От неожиданности Павел обжегся кипятком и заговорил по-украински:
– Скильки?!
– Двести, друг ситцевый.
– Пяток, мабуть?
– Двести.
– Брешешь, – сказал Павел и смолк, исчерпав, видимо, свой скромный запас украинских слов.
Приходько с треском раздробил белоснежными зубами кусочек сахара и протянул Павлу пустую кружку:
– Плесни еще…
– …парубок, – подсказал я.
– Во-во, парубок, – обрадовался он и, поставив на стол кружку с дымящимся чаем, солидно сказал:
– Брешут, парубок, тильки собаки у околицы, а я не брошу.

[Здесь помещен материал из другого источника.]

(* sigma_{PQ} = <PQ> - <P><Q>  (for commuting P, Q) *)
Definition psigma (n : nat) (psi : 'cV[C]_(2 ^ n)) (P Q : pauli n) : C :=
  qexpect psi (pauli_mx P *m pauli_mx Q) - pexp psi P * pexp psi Q.

End Quantum.

(* Groupings.  The Hamiltonian H = sum_i c_i P_i is given by P : 'I_N ->    *)
(* pauli n (injective: distinct strings) and c : 'I_N -> R (nonzero).       *)
(* A group is represented by the set of indices of its operators.           *)

Definition commuting_set (R : realType) (n N : nat) (P : 'I_N -> pauli n)
    (S : {set 'I_N}) : Prop :=
  forall i k, i \in S -> k \in S -> pcommute R (P i) (P k).

Definition is_overlapped_grouping (R : realType) (n N m : nat)
    (P : 'I_N -> pauli n) (G : 'I_m -> {set 'I_N}) : Prop :=
  (forall j, commuting_set R P (G j)) /\ (forall i, exists j, i \in G j).

Definition is_grouping (R : realType) (n N m : nat)
    (P : 'I_N -> pauli n) (G : 'I_m -> {set 'I_N}) : Prop :=
  is_overlapped_grouping R P G /\
  (forall j j', j != j' -> [disjoint G j & G j']).

Definition is_repacking (R : realType) (n N m : nat) (P : 'I_N -> pauli n)
    (G G' : 'I_m -> {set 'I_N}) : Prop :=
  is_overlapped_grouping R P G' /\ (forall j, G j \subset G' j).

(* Measurement model.  X j t i is the (+-1) outcome of operator P_i in shot *)
(* t < M j of group j (meaningful only when i \in G j).                     *)

Section Model.
Local Open Scope classical_set_scope.
Variables (R : realType) (n N m : nat).
Variables (d : measure_display) (T : measurableType d) (Pr : probability T R).

Definition shot_event (G : 'I_m -> {set 'I_N})
    (X : 'I_m -> nat -> 'I_N -> {RV Pr >-> R}) (k : 'I_m * nat)
    (B : 'I_N -> set R) : set T :=
  [set w | forall i, i \in G k.1 -> B i (X k.1 k.2 i w)].

(* Mutual independence of the shots (each shot being the random vector of   *)
(* the outcomes of all operators of its group): for any finitely many       *)
(* distinct shots and any Borel sets, the joint probability factorizes.     *)
Definition shots_independent (G : 'I_m -> {set 'I_N}) (M : 'I_m -> nat)
    (X : 'I_m -> nat -> 'I_N -> {RV Pr >-> R}) : Prop :=
  forall (s : seq ('I_m * nat)) (B : 'I_m * nat -> 'I_N -> set R),
    uniq s -> (forall k, k \in s -> (k.2 < M k.1)%N) ->
    (forall k i, measurable (B k i)) ->
    Pr (\big[setI/setT]_(k <- s) shot_event G X k (B k)) =
    (\prod_(k <- s) Pr (shot_event G X k (B k)))%E.

Definition measurement_model (psi : 'cV[R[i]]_(2 ^ n)) (P : 'I_N -> pauli n)
    (G : 'I_m -> {set 'I_N}) (M : 'I_m -> nat)
    (X : 'I_m -> nat -> 'I_N -> {RV Pr >-> R}) : Prop :=
  [/\
      (forall j t i, (t < M j)%N -> i \in G j ->
         forall w, X j t i w = 1 \/ X j t i w = -1),
      (forall j t i, (t < M j)%N -> i \in G j ->
         ('E_Pr[X j t i] = (complex.Re (pexp psi (P i)))%:E)%E),
      (forall j t i, (t < M j)%N -> i \in G j ->
         ('V_Pr[X j t i] = (complex.Re (psigma2 psi (P i)))%:E)%E),
      (forall j t i k, (t < M j)%N -> i \in G j -> k \in G j -> i != k ->
         covariance Pr (X j t i) (X j t k) =
         (complex.Re (psigma psi (P i) (P k)))%:E) &
      shots_independent G M X].

Definition Gamma (G : 'I_m -> {set 'I_N}) (i : 'I_N) : {set 'I_m} :=
  [set j | i \in G j].

Definition sample_mean (M : 'I_m -> nat)
    (X : 'I_m -> nat -> 'I_N -> {RV Pr >-> R}) (j : 'I_m) (i : 'I_N) : T -> R :=
  fun w => (M j)%:R^-1 * \sum_(t < M j) X j t i w.

Definition estimator (c : 'I_N -> R) (G : 'I_m -> {set 'I_N})
    (M : 'I_m -> nat) (X : 'I_m -> nat -> 'I_N -> {RV Pr >-> R}) : T -> R :=
  fun w => \sum_(i < N) c i *
    \sum_(j in Gamma G i)
      ((M j)%:R / \sum_(k in Gamma G i) (M k)%:R) * sample_mean M X j i w.

End Model.

From HB Require Import structures.
From mathcomp Require Import all_boot all_order all_algebra.
From mathcomp Require Import all_classical all_reals all_analysis.
From mathcomp Require Import complex.
From mathcomp Require Import lra ring.

Set Implicit Arguments.
Unset Strict Implicit.
Unset Printing Implicit Defensive.

Import Order.TTheory GRing.Theory Num.Theory.
Local Open Scope classical_set_scope.
Local Open Scope ring_scope.

(** Every single-shot outcome entering the estimator is a +-1 variable, and
    any two of them are uncorrelated: outcomes of distinct operators in the same
    shot have covariance [sigma_{P_i P_k} = 0] by hypothesis, and outcomes of
    different shots are independent.  Writing the estimator as a weighted sum of
    all outcomes, its variance is therefore
    [sum_i c_i^2 sigma_{P_i}^2 / S_i], where [S_i = sum_(j in Gamma(i)) M_j]
    counts the shots measuring [P_i].  Repacking only enlarges each [Gamma(i)],
    and strictly enlarges [Gamma(s)], so every term weakly decreases and the
    [s]-th one, which is positive, strictly decreases. *)

Section covariance_of_sums.
Local Open Scope ereal_scope.
Context d (T : measurableType d) (R : realType) (P : probability T R).

Lemma Lfun2_sum (I : eqType) (F : I -> T -> R) (s : seq I) :
  {in s, forall k, F k \in Lfun P 2%:E} -> (\sum_(k <- s) F k)%R \in Lfun P 2%:E.
Proof.
move=> Fs; rewrite big_seq; apply: rpred_sum => [|k ks]; [exact: lee1n | exact: Fs].
Qed.

Lemma covarianceZZ a b (X Y : T -> R) : X \in Lfun P 2%:E -> Y \in Lfun P 2%:E ->
  covariance P (a \o* X)%R (b \o* Y)%R = (a * b)%:E * covariance P X Y.
Proof.
move=> X2 Y2.
have Pfin : P setT \is a fin_num := fin_num_measure P _ measurableT.
have bY2 : (b \o* Y)%R \in Lfun P 2%:E by rewrite Lfun_scale // ler1n.
have L1 := Lfun_subset12 Pfin.
rewrite covarianceZl ?(L1 _ X2) ?(L1 _ bY2) ?(Lfun2_mul_Lfun1 X2 bY2) //.
by rewrite covarianceZr ?(L1 _ X2) ?(L1 _ Y2) ?(Lfun2_mul_Lfun1 X2 Y2) // muleA EFinM.
Qed.

Lemma covariance_sumr (I : eqType) (X : T -> R) (F : I -> T -> R) (s : seq I) :
  X \in Lfun P 2%:E -> {in s, forall k, F k \in Lfun P 2%:E} ->
  covariance P X (\sum_(k <- s) F k)%R = \sum_(k <- s) covariance P X (F k).
Proof.
move=> X2; elim: s => [|a s IH] Fs; first by rewrite !big_nil covariance_cst_r.
have Fs' : {in s, forall k, F k \in Lfun P 2%:E}.
  by move=> k ks; apply: Fs; rewrite inE ks orbT.
rewrite !big_cons covarianceDr ?IH ?Lfun2_sum //.
by apply: Fs; rewrite mem_head.
Qed.

Lemma variance_sum_uncorrelated (I : eqType) (F : I -> T -> R) (s : seq I) :
  uniq s -> {in s, forall k, F k \in Lfun P 2%:E} ->
  {in s &, forall k l, k != l -> covariance P (F k) (F l) = 0} ->
  'V_P[(\sum_(k <- s) F k)%R] = \sum_(k <- s) 'V_P[F k].
Proof.
elim: s => [|a s IH] /=; first by rewrite !big_nil variance_cst.
move=> /andP[a_notin_s s_uniq] Fs Fcov.
have Fa : F a \in Lfun P 2%:E by apply: Fs; rewrite mem_head.
have Fs' : {in s, forall k, F k \in Lfun P 2%:E}.
  by move=> k ks; apply: Fs; rewrite inE ks orbT.
have Fcov' : {in s &, forall k l, k != l -> covariance P (F k) (F l) = 0}.
  by move=> k l ks ls; apply: Fcov; rewrite inE ?ks ?ls orbT.
have cross0 : covariance P (F a) (\sum_(k <- s) F k)%R = 0.
  rewrite covariance_sumr // big1_seq // => k /andP[_ ks].
  apply: Fcov; rewrite ?mem_head ?inE ?ks ?orbT //.
  by apply: contraNneq a_notin_s => ->.
by rewrite !big_cons varianceD ?Lfun2_sum // IH // cross0 mule0 adde0.
Qed.

End covariance_of_sums.

Section sign_variables.
Local Open Scope ereal_scope.
Context d (T : measurableType d) (R : realType) (P : probability T R).

Lemma Lfun_sign (X : {RV P >-> R}) (r : R) : (forall w, X w = 1 \/ X w = -1)%R ->
  (X : T -> R) \in Lfun P r%:E.
Proof.
move=> Xpm; have := Lfun_cst P 1%R r.
rewrite !inE /= => /andP[_ cst1]; apply/andP; split.
  by rewrite inE; exact: measurable_funPT.
move: cst1; rewrite !inE /finite_norm unlock /=.
suff -> : (fun x => (`|X x| `^ r)%:E) = (fun _ => (`|1%R| `^ r)%:E) by [].
by apply/funext => x; case: (Xpm x) => ->; rewrite ?normrN.
Qed.

Lemma sign_indicE (X : T -> R) : (forall w, X w = 1 \/ X w = -1)%R ->
  X = (2 \o* \1_(X @^-1` [set 1]) \- cst 1)%R.
Proof.
move=> Xpm; apply/funext => w /=; rewrite indicE.
case: (Xpm w) => Xw; first by rewrite mem_set /preimage /= Xw //; lra.
rewrite memNset ?mul0r ?sub0r // /preimage /= Xw => /eqP; lra.
Qed.

Lemma Lfun_indic_sign (X : {RV P >-> R}) : (forall w, X w = 1 \/ X w = -1)%R ->
  (\1_(X @^-1` [set 1%R]) : T -> R) \in Lfun P 2%:E.
Proof.
move=> Xpm.
have -> : (\1_(X @^-1` [set 1%R]) : T -> R) = (2^-1 \o* (X \+ cst 1))%R.
  by rewrite [X in (X \+ _)%R](sign_indicE Xpm); apply/funext => w /=; field.
rewrite Lfun_scale ?ler1n // rpredD //; first exact: lee1n.
  by move=> ?; exact: Lfun_sign.
by move=> ?; exact: Lfun_cst.
Qed.

(* Writing a sign variable as [2 * 1_{X = 1} - 1] reduces its covariance to
   that of two indicators. *)
Lemma covariance_sign_indep (X Y : {RV P >-> R}) :
  (forall w, X w = 1 \/ X w = -1)%R -> (forall w, Y w = 1 \/ Y w = -1)%R ->
  P (X @^-1` [set 1%R] `&` Y @^-1` [set 1%R]) =
    P (X @^-1` [set 1%R]) * P (Y @^-1` [set 1%R]) ->
  covariance P X Y = 0.
Proof.
move=> Xpm Ypm.
set A := X @^-1` _; set B := Y @^-1` _ => indep.
have mA : measurable A by exact: measurable_funPTI.
have mB : measurable B by exact: measurable_funPTI.
have A2 : (\1_A : T -> R) \in Lfun P 2%:E := Lfun_indic_sign Xpm.
have B2 : (\1_B : T -> R) \in Lfun P 2%:E := Lfun_indic_sign Ypm.
have Pfin : P setT \is a fin_num := fin_num_measure P _ measurableT.
have L2 (r : R) (Z : T -> R) : Z \in Lfun P 2%:E -> (r \o* Z)%R \in Lfun P 2%:E.
  by move=> Z2; rewrite Lfun_scale ?ler1n.
rewrite {1}(sign_indicE Xpm) -/A covarianceBl ?L2 ?Lfun_cst ?Lfun_sign //.
rewrite covariance_cst_l sube0 (sign_indicE Ypm) -/B.
rewrite covarianceBr ?L2 ?Lfun_cst // covariance_cst_r sube0 covarianceZZ //.
have L1 := Lfun_subset12 Pfin.
rewrite covarianceE ?(L1 _ A2) ?(L1 _ B2) ?(Lfun2_mul_Lfun1 A2 B2) //.
have -> : (\1_A * \1_B : T -> R)%R = \1_(A `&` B) by rewrite indicI.
rewrite !expectation_indic //; last exact: measurableI.
rewrite indep subee ?mule0 //.
by rewrite fin_numM // fin_num_measure.
Qed.

End sign_variables.

Lemma allpairs_pair_uniq (A B : eqType) (s : seq A) (t : A -> seq B) :
  uniq s -> {in s, forall x, uniq (t x)} -> uniq [seq (x, y) | x <- s, y <- t x].
Proof.
by move=> s_uniq t_uniq; apply: allpairs_uniq_dep => // -[x y] [x' y'] _ _ [/= -> ->].
Qed.

Section outcome_indexing.
Variables (N m : nat) (G : 'I_m -> {set 'I_N}) (M : 'I_m -> nat).

(* The outcome of operator [i] in shot [t] of group [j] is indexed by [(i, (j, t))]. *)
Definition measured_outcomes : seq ('I_N * ('I_m * nat)) :=
  [seq (i, jt) | i <- enum 'I_N,
     jt <- [seq (j, t) | j <- enum (Gamma G i), t <- iota 0 (M j)]].

Definition total_shots (i : 'I_N) : nat := \sum_(j in Gamma G i) M j.

Lemma measured_outcomes_uniq : uniq measured_outcomes.
Proof.
apply: allpairs_pair_uniq => [|i _]; first exact: enum_uniq.
by apply: allpairs_pair_uniq => [|j _]; [exact: enum_uniq | exact: iota_uniq].
Qed.

Lemma mem_measured_outcomes i j t :
  ((i, (j, t)) \in measured_outcomes) = (i \in G j) && (t < M j)%N.
Proof.
apply/allpairsPdep/andP => [[i' [jt [_ /allpairsPdep[j' [t' []]]]]]|[iG tM]].
  by rewrite mem_enum inE mem_iota add0n => ? ? -> [-> -> ->].
exists i, (j, t); split; rewrite ?mem_enum //.
by apply/allpairsPdep; exists j, t; rewrite mem_enum inE mem_iota add0n.
Qed.

Lemma big_measured_outcomes (V : nmodType) (F : 'I_N * ('I_m * nat) -> V) :
  \sum_(k <- measured_outcomes) F k =
  \sum_(i < N) \sum_(j in Gamma G i) \sum_(t < M j) F (i, (j, val t)).
Proof.
rewrite big_allpairs_dep /= -big_enum /=; apply: eq_bigr => i _.
rewrite big_allpairs_dep -big_enum /=; apply: eq_bigr => j _.
by rewrite -(big_mkord xpredT (fun t => F (i, (j, t)))) /index_iota subn0.
Qed.

Lemma total_shots_gt0 i j : (forall j, 0 < M j)%N -> i \in G j -> (0 < total_shots i)%N.
Proof.
by move=> M_gt0 iG; rewrite /total_shots (bigD1 j) ?inE //= ltn_addr.
Qed.

End outcome_indexing.

Lemma total_shots_repacking (N m : nat) (G G' : 'I_m -> {set 'I_N})
    (M : 'I_m -> nat) i :
  (forall j, G j \subset G' j) ->
  total_shots G' M i = (total_shots G M i + \sum_(j in Gamma G' i :\: Gamma G i) M j)%N.
Proof.
move=> G_sub; rewrite /total_shots (big_setID (Gamma G i)); congr (_ + _)%N.
have /finset.setIidPr -> // : Gamma G i \subset Gamma G' i.
by apply/fintype.subsetP => j; rewrite !inE; exact: (fintype.subsetP (G_sub j)).
Qed.

Lemma ltr_sum_div_denoms (R : realFieldType) (I : finType) (a S S' : I -> R) (s : I) :
  (forall i, 0 <= a i) -> (forall i, 0 < S i <= S' i) -> 0 < a s -> S s < S' s ->
  \sum_i a i / S' i < \sum_i a i / S i.
Proof.
move=> a_ge0 S_le as_gt0 Ss_lt.
rewrite [ltLHS](bigD1 s) // [ltRHS](bigD1 s) //=; apply: ltr_leD.
  have /andP[Ss_gt0 _] := S_le s.
  by rewrite ltr_pM2l // ltf_pV2 ?posrE // (lt_trans Ss_gt0).
apply: ler_sum => i _; have /andP[Si_gt0 SiS] := S_le i.
by rewrite ler_wpM2l // lef_pV2 ?posrE // (lt_le_trans Si_gt0).
Qed.

Section shot_weighted_estimator.
Variables (R : realType) (n N m : nat) (P : 'I_N -> pauli n) (psi : 'cV[R[i]]_(2 ^ n)).
Variables (G : 'I_m -> {set 'I_N}) (M : 'I_m -> nat).
Variables (d : measure_display) (T : measurableType d) (Pr : probability T R).
Variable X : 'I_m -> nat -> 'I_N -> {RV Pr >-> R}.
Hypothesis G_grouping : is_overlapped_grouping R P G.
Hypothesis psigma_commuting0 :
  forall i k, i != k -> pcommute R (P i) (P k) -> psigma psi (P i) (P k) = 0.
Hypothesis M_gt0 : forall j, (0 < M j)%N.
Hypothesis X_model : measurement_model psi P G M X.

– Ну врешь, – миролюбиво поправился Павел.
– Ни, – не согласился Приходько. – Привираю – да, но не вру. Да и привираю-то самую малость. Избави бог от вранья. Я за правду держусь, как дитя за подол матери. Меня правде отец еще в отрочестве учил. Да как! Сколько лет прошло, а учебное то место и по сей день чешется! Как сяду – так тут же о правде и вспоминаю. Так что о вранье ты зря.
Борин улыбнулся: Приходько ему нравился.
– А «малость»-то… велика? – деликатно спросил он.
– С привиранием?
– Да-с, ежели позволите.
– Да нет, – заверил его Приходько. – Тильки для счету. Ровненько чтоб было.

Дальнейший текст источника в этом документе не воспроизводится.